**YOUR TASK:** Below are some records. Return exactly the lines from the one containing "Definition quasi_axis (f" through the one containing "Proof. intros H.", both included, and only those.

___ GIVEN ENTRIES ___

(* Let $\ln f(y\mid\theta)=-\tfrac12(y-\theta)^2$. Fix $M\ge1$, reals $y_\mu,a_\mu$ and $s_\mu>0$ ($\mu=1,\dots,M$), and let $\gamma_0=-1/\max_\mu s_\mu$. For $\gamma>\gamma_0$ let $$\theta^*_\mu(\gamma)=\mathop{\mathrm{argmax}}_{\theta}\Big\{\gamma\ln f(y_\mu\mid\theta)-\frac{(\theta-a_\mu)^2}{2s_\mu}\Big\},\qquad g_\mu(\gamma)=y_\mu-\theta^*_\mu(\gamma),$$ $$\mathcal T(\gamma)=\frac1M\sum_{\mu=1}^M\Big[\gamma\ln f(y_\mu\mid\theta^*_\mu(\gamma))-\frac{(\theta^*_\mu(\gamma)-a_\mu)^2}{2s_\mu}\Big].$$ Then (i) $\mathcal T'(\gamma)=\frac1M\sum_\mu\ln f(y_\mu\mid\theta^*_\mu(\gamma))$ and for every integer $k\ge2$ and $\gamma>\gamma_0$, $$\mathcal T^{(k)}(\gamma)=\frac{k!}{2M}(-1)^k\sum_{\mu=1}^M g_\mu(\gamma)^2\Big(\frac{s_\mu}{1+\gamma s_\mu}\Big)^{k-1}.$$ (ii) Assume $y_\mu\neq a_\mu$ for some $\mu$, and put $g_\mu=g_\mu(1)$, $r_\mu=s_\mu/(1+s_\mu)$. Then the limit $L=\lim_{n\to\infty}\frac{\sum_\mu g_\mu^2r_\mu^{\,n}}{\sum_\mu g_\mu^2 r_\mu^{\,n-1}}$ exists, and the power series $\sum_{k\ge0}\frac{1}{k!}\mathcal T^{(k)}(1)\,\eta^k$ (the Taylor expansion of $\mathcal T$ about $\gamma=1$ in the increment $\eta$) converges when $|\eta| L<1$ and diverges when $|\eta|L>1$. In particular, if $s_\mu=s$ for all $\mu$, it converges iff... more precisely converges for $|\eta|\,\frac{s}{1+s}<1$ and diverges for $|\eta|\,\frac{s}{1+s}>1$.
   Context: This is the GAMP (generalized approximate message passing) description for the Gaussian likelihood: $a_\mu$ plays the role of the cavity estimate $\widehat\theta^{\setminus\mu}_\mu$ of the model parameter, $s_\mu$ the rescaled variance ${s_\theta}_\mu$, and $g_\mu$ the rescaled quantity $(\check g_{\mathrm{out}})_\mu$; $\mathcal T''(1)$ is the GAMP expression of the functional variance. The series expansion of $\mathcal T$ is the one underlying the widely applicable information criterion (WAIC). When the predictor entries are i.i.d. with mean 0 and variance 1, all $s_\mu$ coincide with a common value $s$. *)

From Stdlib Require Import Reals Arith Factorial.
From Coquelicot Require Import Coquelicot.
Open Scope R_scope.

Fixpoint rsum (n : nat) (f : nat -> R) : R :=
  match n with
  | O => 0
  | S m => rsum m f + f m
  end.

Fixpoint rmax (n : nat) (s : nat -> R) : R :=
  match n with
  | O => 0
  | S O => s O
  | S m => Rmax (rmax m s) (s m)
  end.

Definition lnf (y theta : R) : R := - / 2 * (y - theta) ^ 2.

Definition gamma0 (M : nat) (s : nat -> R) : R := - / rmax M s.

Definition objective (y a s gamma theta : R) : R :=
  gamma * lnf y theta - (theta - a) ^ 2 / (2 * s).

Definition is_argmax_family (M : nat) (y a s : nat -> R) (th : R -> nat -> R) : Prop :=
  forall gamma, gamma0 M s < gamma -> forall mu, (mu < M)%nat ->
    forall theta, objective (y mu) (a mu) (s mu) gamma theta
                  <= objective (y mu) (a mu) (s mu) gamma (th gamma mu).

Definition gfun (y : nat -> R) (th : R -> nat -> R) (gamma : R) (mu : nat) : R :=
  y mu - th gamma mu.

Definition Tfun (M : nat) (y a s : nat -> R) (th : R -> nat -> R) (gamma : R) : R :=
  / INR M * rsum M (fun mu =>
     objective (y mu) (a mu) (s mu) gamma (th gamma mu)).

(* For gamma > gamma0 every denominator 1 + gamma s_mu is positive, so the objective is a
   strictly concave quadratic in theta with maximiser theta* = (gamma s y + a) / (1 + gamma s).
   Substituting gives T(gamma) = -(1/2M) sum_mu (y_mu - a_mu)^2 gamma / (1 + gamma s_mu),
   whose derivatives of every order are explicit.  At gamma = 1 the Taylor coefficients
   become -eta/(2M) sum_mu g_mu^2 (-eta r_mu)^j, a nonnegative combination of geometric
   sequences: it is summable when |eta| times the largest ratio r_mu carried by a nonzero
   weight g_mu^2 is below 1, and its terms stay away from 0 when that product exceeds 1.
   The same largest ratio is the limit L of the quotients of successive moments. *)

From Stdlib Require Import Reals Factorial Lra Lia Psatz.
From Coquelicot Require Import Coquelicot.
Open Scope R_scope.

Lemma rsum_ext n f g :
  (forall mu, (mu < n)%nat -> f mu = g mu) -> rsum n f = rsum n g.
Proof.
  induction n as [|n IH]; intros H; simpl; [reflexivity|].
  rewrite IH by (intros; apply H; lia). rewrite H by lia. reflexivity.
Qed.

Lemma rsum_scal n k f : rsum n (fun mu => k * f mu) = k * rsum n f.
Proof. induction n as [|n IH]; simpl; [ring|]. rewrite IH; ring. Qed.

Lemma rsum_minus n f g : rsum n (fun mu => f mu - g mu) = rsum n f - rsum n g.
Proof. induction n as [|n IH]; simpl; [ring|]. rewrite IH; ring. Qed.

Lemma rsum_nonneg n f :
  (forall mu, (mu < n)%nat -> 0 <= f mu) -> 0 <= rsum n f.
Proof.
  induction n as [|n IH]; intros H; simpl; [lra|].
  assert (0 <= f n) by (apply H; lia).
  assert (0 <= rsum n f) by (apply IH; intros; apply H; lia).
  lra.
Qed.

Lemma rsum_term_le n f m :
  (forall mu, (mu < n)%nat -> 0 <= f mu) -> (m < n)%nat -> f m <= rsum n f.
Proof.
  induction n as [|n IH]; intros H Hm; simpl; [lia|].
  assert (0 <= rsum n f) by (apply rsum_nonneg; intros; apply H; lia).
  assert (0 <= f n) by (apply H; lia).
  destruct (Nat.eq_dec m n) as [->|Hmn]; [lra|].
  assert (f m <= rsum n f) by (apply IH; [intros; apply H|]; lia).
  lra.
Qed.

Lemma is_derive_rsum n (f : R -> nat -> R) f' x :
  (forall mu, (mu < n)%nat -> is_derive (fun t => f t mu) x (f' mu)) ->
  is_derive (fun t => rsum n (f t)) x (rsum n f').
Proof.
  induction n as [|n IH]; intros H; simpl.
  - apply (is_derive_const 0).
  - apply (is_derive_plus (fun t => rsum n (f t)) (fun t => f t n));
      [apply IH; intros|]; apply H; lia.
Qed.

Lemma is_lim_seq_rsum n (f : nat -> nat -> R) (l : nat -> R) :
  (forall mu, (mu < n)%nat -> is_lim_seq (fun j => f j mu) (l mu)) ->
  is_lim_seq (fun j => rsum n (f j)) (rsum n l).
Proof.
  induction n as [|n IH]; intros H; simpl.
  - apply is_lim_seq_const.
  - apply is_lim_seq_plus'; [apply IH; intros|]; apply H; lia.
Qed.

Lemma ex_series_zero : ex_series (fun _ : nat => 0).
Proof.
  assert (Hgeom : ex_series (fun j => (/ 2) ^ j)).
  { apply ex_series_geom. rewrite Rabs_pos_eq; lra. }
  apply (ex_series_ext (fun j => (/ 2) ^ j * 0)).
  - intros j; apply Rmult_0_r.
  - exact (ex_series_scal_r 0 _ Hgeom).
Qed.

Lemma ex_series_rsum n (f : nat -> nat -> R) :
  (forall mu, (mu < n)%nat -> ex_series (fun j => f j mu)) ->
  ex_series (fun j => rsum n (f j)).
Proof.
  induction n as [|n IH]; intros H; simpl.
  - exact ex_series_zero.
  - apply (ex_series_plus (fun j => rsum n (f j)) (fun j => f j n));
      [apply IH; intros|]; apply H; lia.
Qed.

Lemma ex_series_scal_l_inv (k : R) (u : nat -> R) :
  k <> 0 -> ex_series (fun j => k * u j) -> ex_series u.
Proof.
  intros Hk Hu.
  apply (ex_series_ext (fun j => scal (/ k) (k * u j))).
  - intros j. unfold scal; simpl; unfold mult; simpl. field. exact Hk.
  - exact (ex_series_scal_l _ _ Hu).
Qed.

___
___ GIVEN ENTRIES ___

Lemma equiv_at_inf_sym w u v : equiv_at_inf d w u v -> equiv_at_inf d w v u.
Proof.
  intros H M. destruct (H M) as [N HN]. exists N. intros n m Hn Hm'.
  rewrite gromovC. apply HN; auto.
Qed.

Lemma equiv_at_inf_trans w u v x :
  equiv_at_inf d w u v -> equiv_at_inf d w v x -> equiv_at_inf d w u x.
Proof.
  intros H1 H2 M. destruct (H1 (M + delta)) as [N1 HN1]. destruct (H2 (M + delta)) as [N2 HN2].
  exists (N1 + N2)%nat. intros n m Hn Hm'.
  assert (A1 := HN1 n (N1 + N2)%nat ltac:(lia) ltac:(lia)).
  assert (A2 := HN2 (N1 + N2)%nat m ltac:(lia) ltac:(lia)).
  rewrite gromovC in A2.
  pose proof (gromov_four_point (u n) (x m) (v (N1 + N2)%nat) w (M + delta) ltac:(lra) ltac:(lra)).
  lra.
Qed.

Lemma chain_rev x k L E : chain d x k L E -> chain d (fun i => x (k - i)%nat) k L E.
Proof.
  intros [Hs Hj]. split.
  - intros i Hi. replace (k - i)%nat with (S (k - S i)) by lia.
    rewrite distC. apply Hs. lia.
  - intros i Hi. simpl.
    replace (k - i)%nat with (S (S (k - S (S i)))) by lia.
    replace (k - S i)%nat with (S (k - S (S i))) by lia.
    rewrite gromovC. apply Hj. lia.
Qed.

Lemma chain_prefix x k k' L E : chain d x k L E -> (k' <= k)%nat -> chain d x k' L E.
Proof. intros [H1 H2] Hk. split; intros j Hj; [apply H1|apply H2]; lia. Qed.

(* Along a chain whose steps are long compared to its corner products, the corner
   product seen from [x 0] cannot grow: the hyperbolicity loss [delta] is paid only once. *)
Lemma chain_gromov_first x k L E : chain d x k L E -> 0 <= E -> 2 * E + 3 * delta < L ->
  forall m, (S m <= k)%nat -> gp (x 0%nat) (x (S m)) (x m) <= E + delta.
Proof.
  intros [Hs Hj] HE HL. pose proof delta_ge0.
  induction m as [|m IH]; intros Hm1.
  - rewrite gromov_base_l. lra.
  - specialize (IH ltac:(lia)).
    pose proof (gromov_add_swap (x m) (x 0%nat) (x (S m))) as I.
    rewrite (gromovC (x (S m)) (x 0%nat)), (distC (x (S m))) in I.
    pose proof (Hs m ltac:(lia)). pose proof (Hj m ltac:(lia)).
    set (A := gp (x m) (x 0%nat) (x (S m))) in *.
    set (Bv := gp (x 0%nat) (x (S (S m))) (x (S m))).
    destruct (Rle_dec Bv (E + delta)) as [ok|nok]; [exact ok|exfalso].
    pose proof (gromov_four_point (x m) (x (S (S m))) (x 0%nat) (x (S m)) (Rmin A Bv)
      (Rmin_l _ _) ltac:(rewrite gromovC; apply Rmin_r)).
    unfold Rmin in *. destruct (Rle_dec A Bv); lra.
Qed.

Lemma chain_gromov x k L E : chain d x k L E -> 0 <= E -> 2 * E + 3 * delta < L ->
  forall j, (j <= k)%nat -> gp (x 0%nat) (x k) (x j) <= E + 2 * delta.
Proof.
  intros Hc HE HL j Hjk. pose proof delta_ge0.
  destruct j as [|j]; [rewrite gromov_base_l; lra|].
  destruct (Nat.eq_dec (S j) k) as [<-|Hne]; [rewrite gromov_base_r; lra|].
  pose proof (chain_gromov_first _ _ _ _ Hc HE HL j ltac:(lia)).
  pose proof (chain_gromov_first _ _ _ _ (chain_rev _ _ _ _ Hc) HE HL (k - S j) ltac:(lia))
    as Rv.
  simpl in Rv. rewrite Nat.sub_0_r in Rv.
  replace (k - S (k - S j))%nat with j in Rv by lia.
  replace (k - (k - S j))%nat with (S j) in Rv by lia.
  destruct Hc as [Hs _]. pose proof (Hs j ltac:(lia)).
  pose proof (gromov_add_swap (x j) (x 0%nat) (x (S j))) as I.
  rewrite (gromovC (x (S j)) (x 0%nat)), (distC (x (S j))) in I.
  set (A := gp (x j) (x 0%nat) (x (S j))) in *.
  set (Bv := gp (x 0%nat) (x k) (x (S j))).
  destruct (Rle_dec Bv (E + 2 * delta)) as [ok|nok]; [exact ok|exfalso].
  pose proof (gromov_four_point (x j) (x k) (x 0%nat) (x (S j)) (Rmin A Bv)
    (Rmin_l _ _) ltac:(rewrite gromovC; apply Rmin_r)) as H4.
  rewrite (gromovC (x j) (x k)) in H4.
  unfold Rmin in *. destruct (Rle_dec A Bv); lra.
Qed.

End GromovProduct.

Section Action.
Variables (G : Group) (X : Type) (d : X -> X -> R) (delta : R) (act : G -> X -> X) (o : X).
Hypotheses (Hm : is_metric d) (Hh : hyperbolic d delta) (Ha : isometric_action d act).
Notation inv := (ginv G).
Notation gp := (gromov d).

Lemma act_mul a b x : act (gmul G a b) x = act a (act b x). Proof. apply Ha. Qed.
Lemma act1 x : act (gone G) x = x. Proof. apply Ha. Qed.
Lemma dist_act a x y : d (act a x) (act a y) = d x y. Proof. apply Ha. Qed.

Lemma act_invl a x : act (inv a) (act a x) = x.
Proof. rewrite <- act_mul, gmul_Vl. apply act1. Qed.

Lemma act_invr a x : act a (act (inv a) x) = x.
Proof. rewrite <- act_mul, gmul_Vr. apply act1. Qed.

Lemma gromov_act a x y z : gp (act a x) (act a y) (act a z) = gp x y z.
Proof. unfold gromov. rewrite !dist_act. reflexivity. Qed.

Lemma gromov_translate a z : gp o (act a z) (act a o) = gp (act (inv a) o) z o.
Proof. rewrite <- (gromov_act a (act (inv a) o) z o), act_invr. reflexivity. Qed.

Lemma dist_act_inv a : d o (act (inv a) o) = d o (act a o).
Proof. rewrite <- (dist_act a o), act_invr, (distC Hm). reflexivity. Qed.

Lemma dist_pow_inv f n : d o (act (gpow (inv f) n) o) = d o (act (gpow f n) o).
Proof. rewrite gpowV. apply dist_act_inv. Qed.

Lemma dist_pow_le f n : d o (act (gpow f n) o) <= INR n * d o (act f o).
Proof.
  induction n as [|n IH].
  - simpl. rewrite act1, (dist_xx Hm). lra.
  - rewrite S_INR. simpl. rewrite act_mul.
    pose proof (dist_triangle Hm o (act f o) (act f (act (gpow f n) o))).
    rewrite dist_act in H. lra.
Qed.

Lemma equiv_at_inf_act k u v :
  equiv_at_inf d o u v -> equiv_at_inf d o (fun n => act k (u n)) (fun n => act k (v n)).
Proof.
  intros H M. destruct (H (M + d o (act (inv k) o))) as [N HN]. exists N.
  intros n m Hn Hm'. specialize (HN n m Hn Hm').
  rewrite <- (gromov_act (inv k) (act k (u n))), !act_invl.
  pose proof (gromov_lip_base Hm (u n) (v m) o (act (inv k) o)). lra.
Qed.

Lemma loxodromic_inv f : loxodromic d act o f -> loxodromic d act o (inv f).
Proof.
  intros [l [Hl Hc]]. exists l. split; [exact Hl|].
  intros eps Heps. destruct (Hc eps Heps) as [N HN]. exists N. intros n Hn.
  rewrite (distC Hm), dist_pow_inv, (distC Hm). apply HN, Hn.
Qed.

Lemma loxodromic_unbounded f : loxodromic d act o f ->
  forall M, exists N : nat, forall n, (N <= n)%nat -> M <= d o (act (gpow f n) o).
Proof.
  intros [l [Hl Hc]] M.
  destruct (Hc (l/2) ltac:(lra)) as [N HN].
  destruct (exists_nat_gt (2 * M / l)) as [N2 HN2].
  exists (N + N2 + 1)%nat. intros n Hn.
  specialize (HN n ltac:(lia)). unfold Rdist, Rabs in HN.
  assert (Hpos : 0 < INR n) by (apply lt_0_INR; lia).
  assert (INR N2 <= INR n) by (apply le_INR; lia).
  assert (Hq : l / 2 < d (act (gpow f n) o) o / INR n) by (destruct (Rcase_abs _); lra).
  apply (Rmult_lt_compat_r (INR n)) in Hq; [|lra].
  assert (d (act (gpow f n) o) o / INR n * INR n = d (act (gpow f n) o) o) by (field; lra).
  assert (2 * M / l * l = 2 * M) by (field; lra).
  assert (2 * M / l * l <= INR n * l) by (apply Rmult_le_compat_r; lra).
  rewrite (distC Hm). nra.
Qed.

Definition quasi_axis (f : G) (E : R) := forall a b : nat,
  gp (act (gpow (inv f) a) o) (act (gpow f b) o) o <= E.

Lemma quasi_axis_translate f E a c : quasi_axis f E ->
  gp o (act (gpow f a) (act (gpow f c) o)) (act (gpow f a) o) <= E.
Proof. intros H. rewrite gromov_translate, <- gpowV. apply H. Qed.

___

**ANSWER TO THIS TASK:**
Definition quasi_axis (f : G) (E : R) := forall a b : nat,
  gp (act (gpow (inv f) a) o) (act (gpow f b) o) o <= E.

Lemma quasi_axis_translate f E a c : quasi_axis f E ->
  gp o (act (gpow f a) (act (gpow f c) o)) (act (gpow f a) o) <= E.
Proof. intros H. rewrite gromov_translate, <- gpowV. apply H. Qed.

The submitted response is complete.